Shyam Prasad N <nspmangalore@xxxxxxxxx> · Wed, 11 Jan 2023 13:05:32 +0530

Hi Aurélien,

Thanks for the inputs.

On Tue, Jan 10, 2023 at 6:30 PM Aurélien Aptel <aurelien.aptel@xxxxxxxxx> wrote:
>
> Hey Shyam,
>
> I remember thinking that channels should be part of the server too
> when I started working on this but switched it up to session as I kept
> working on it and finding it was the right choice.
> I don't remember all the details so my comments will be a bit vague.

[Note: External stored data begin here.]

Lemma disjoint_exponents_3mod4 n : 2 <= n -> disjoint_exponents (4 * n + 3) (P_3mod4 n) (Q_3mod4 n).
Proof.
move=> n2; have d0 : 0 < 4 * n + 3 by lia.
split.
- move=> t a a' ht ha ha' naa.
  have [r1 l1 u1 _] := swap_3mod4_bounds ha; have [r1' l1' u1' _] := swap_3mod4_bounds ha'.
  have hne : swap_3mod4 (4 * n + 3) a <> swap_3mod4 (4 * n + 3) a'.
    by move/(swap_3mod4_inj ha ha')=> E; rewrite E eqxx in naa.
  have : t = 0 \/ t = 1 \/ t = 2 by lia.
  case=> [->|[->|->]]; rewrite /P_3mod4 /Q_3mod4 /=; split;
    apply: (neq_modn_bounded (B := 10)) => //; try lia; quotient_cases.
- move=> a c ha hc; have [r1 l1 u1 _] := swap_3mod4_bounds ha; have [r2 l2 u2 _] := swap_3mod4_bounds hc.
  rewrite /P_3mod4 /Q_3mod4 /=; apply: (neq_modn_bounded (B := 10)) => //; try lia; quotient_cases.
- move=> a f ha hf; have [r1 l1 u1 [i1 [hi1 E1]]] := swap_3mod4_bounds ha.
  have [r2 l2 u2 [i2 [hi2 E2]]] := swap_3mod4_bounds hf.
  rewrite /P_3mod4 /Q_3mod4 /=; apply: (neq_modn_bounded (B := 10)) => //; try lia; quotient_cases.
- move=> c f hc hf; have [r1 l1 u1 [i1 [hi1 E1]]] := swap_3mod4_bounds hc.
  have [r2 l2 u2 [i2 [hi2 E2]]] := swap_3mod4_bounds hf.
  rewrite /P_3mod4 /Q_3mod4 /=; apply: (neq_modn_bounded (B := 10)) => //; try lia; quotient_cases.
Qed.

Definition swap_1mod4 (d a : nat) :=
  if a == d - 3 then d.-1 else if a == d - 2 then a else if a == d.-1 then d - 3
  else if odd a then a.-1 else a.+1.

Lemma swap_1mod4_cases d a : 3 < d -> a < d ->
  (a = d - 3 /\ swap_1mod4 d a = d.-1) \/ (a = d - 2 /\ swap_1mod4 d a = a) \/ (a = d.-1 /\ swap_1mod4 d a = d - 3) \/
      (a %% 2 = 1 /\ a < d - 3 /\ swap_1mod4 d a = a.-1) \/
      (a %% 2 = 0 /\ a < d - 3 /\ swap_1mod4 d a = a.+1).
Proof.
move=> d3 ad; rewrite /swap_1mod4.
case: eqP => [->|n1]; first by left.
case: eqP => [->|n2]; first by right; left.
case: eqP => [->|n3]; first by right; right; left.
have lt : a < d - 3 by lia.
case: (boolP (odd a)) => oa.
  by right; right; right; left; rewrite modn2 oa.
by right; right; right; right; rewrite modn2 (negbTE oa).
Qed.

Lemma swap_1mod4_bounds n a : 1 <= n -> a < 4 * n + 1 ->
  [/\ swap_1mod4 (4 * n + 1) a < 4 * n + 1, a <= swap_1mod4 (4 * n + 1) a + 2,
      swap_1mod4 (4 * n + 1) a <= a + 2 &
      exists i, i < 2 * n - 1 /\
        (a + swap_1mod4 (4 * n + 1) a = 4 * i + 1 \/ a + swap_1mod4 (4 * n + 1) a = 4 * i + 1 + (4 * n + 1))].
Proof.
move=> n1 ha; have d3 : 3 < 4 * n + 1 by lia.
case: (swap_1mod4_cases d3 ha) => [[-> ->]|[[-> ->]|[[-> ->]|[[h1 [h2 ->]]|[h1 [h2 ->]]]]]].
- split; try lia; exists (n - 1); split; lia.
- split; try lia; exists (n - 1); split; lia.
- split; try lia; exists (n - 1); split; lia.
- split; try lia; exists (a %/ 2); split; lia.
- split; try lia; exists (a %/ 2); split; lia.
Qed.

Lemma swap_1mod4_inj n a a' : 1 <= n -> a < 4 * n + 1 -> a' < 4 * n + 1 ->
  swap_1mod4 (4 * n + 1) a = swap_1mod4 (4 * n + 1) a' -> a = a'.
Proof.
move=> n1 ha ha'; have d3 : 3 < 4 * n + 1 by lia.
case: (swap_1mod4_cases d3 ha) => [[h1 ->]|[[h1 ->]|[[h1 ->]|[[h1 [h2 ->]]|[h1 [h2 ->]]]]]];
case: (swap_1mod4_cases d3 ha') => [[h1' ->]|[[h1' ->]|[[h1' ->]|[[h1' [h2' ->]]|[h1' [h2' ->]]]]]]; lia.
Qed.

Definition P_1mod4 (n t a : nat) := if t == 0 then 4 * a else if t == 1 then a else 4 * a + 7.
Definition Q_1mod4 n t a :=
  let s := (4 * n + 1).+1 - swap_1mod4 (4 * n + 1) a in
  if t == 0 then 4 * s else if t == 1 then s + (4 * n + 1) - 8 else 4 * s + (4 * n + 1) - 1.

Lemma disjoint_exponents_1mod4 n : 6 <= n -> disjoint_exponents (4 * n + 1) (P_1mod4 n) (Q_1mod4 n).
Proof.
move=> n6; have n1 : 1 <= n by lia.
have d0 : 0 < 4 * n + 1 by lia.
split.
- move=> t a a' ht ha ha' naa.
  have [r1 l1 u1 _] := swap_1mod4_bounds n1 ha; have [r1' l1' u1' _] := swap_1mod4_bounds n1 ha'.
  have hne : swap_1mod4 (4 * n + 1) a <> swap_1mod4 (4 * n + 1) a'.
    by move/(swap_1mod4_inj n1 ha ha')=> E; rewrite E eqxx in naa.
  have : t = 0 \/ t = 1 \/ t = 2 by lia.
  case=> [->|[->|->]]; rewrite /P_1mod4 /Q_1mod4 /=; split;
    apply: (neq_modn_bounded (B := 10)) => //; try lia; quotient_cases.
- move=> a c ha hc; have [r1 l1 u1 _] := swap_1mod4_bounds n1 ha; have [r2 l2 u2 _] := swap_1mod4_bounds n1 hc.
  rewrite /P_1mod4 /Q_1mod4 /=; apply: (neq_modn_bounded (B := 10)) => //; try lia; quotient_cases.
- move=> a f ha hf; have [r1 l1 u1 [i1 [hi1 E1]]] := swap_1mod4_bounds n1 ha.
  have [r2 l2 u2 [i2 [hi2 E2]]] := swap_1mod4_bounds n1 hf.
  rewrite /P_1mod4 /Q_1mod4 /=; apply: (neq_modn_bounded (B := 10)) => //; try lia; quotient_cases.
- move=> c f hc hf; have [r1 l1 u1 [i1 [hi1 E1]]] := swap_1mod4_bounds n1 hc.
  have [r2 l2 u2 [i2 [hi2 E2]]] := swap_1mod4_bounds n1 hf.
  rewrite /P_1mod4 /Q_1mod4 /=; apply: (neq_modn_bounded (B := 10)) => //; try lia; quotient_cases.
Qed.

Definition disjoint_exponentsb d (P Q : nat -> nat -> nat) : bool :=
  [&& all (fun t => all (fun a => all (fun a' => (a == a') ||
          (P t a != P t a' %[mod d]) && (Q t a != Q t a' %[mod d])) (iota 0 d)) (iota 0 d)) (iota 0 3),
      all (fun a => all (fun c => P 0 a + Q 0 a != P 1 c + Q 1 c %[mod d]) (iota 0 d)) (iota 0 d),
      all (fun a => all (fun f => Q 0 a + P 2 f != Q 2 f + P 0 a %[mod d]) (iota 0 d)) (iota 0 d) &
      all (fun c => all (fun f => P 1 c != Q 1 c + P 2 f + Q 2 f %[mod d]) (iota 0 d)) (iota 0 d)].
Definition homogeneous (V : zmodType) (GV : int -> pred V) (x : V) : Prop :=
  exists n, x \in GV n.

Definition graded_submodule (A : comNzRingType) (V : lmodType A)
    (GV : int -> pred V) (U : V -> Prop) : Prop :=
  U 0 /\ (forall x y, U x -> U y -> U (x - y)) /\
  (forall (a : A) x, U x -> U (a *: x)) /\
  (forall (s : seq int) (c : int -> V), uniq s -> (forall n, c n \in GV n) ->
      U (\sum_(n <- s) c n) -> forall n, n \in s -> U (c n)).

(** f is a morphism of graded modules M -> N(d), i.e. an element of
    Gr A(M, N(d)), where N(d)_j = N_(d+j). *)
Definition graded_map_deg (A : comNzRingType) (M N : lmodType A)
    (GM : int -> pred M) (GN : int -> pred N) (d : int) (f : {linear M -> N}) : Prop :=
  forall j x, x \in GM j -> f x \in GN (d + j).

(** HomA(M,N) = (+)_n Gr A(M, N(n)) is non-zero. *)
Definition gHom_nonzero (A : comNzRingType) (M N : lmodType A)
    (GM : int -> pred M) (GN : int -> pred N) : Prop :=
  exists (d : int) (f : {linear M -> N}), graded_map_deg GM GN d f /\ exists x, f x != 0.

Definition gr_injective (A : comNzRingType) (GA : int -> pred A)
    (E : lmodType A) (GE : int -> pred E) : Prop :=
  forall (X Y : lmodType A) (GX : int -> pred X) (GY : int -> pred Y),
    graded_module GA GX -> graded_module GA GY ->
    forall (i : {linear X -> Y}) (f : {linear X -> E}),
      graded_map_deg GX GY 0 i -> injective i -> graded_map_deg GX GE 0 f ->
      exists g : {linear Y -> E}, graded_map_deg GY GE 0 g /\ forall x, g (i x) = f x.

I'm not proposing to move the channels to per-server here, but to move
the connections to per-server. Each channel is associated with a
connection.
I think our use of server and connection interchangeably is causing
this confusion. :)

>
> On Tue, Jan 10, 2023 at 10:16 AM Shyam Prasad N <nspmangalore@xxxxxxxxx> wrote:
> > 1.
> > The way connections are organized today, the connections of primary
> > channels of sessions can be shared among different sessions and their
> > channels. However, connections to secondary channels are not shared.
> > i.e. created with nosharesock.
> > Is there a reason why we have it that way?
> > We could have a pool of connections for a particular server. When new
> > channels are to be created for a session, we could simply pick
> > connections from this pool.
> > Another approach could be not to share sockets for any of the channels
> > of multichannel mounts. This way, multichannel would implicitly mean
> > nosharesock. Assuming that multichannel is being used for performance
> > reasons, this would actually make a lot of sense. Each channel would
> > create new connection to the server, and take advantage of number of
> > interfaces and RSS capabilities of server interfaces.
> > I'm planning to take the latter approach for now, since it's easier.
> > Please let me know about your opinions on this.
>
> First, in the abstract models, Channels are kept in the Session object.
> https://learn.microsoft.com/en-us/openspecs/windows_protocols/ms-smb2/8174c219-2224-4009-b96a-06d84eccb3ae
>
> Channels and sessions are intertwined. Channels signing keys depend on
> the session it is connected to (See "3.2.5.3.1 Handling a New
> Authentication" and "3.2.5.3.3 Handling Session Binding").
> Think carefully on what should be done on disconnect/reconnect.
> Especially if the channel is shared with multiple sessions.

That's a good point.
But that affects even other cases like multiuser mounts and cases
where a session shares a socket. Doesn't it?
I think we call cifs_reconnect very generously today. We should give
this another look, IMO.

>
> Problem with the pool approach is mount options might require
> different connections so sharing is not so easy. And reconnecting
> might involve different fallbacks (dfs) for different sessions.
>
> You should see the server struct as the "final destination". Once it's
> picked we know it's going there.
>
> > 2.
> > Today, the interface list for a server hangs off the session struct. Why?
> > Doesn't it make more sense to hang it off the server struct? With my
> > recent changes to query the interface list from the server
> > periodically, each tcon is querying this and keeping the results in
> > the session struct.
> > I plan to move this to the server struct too. And avoid having to
> > query this too many times unnecessarily. Please let me know if you see
> > a reason not to do this.
>
> It's more convenient to have the interface list at the same place as
> the channel list but it could be moved I suppose.
> In the abstract model it's in the server apparently.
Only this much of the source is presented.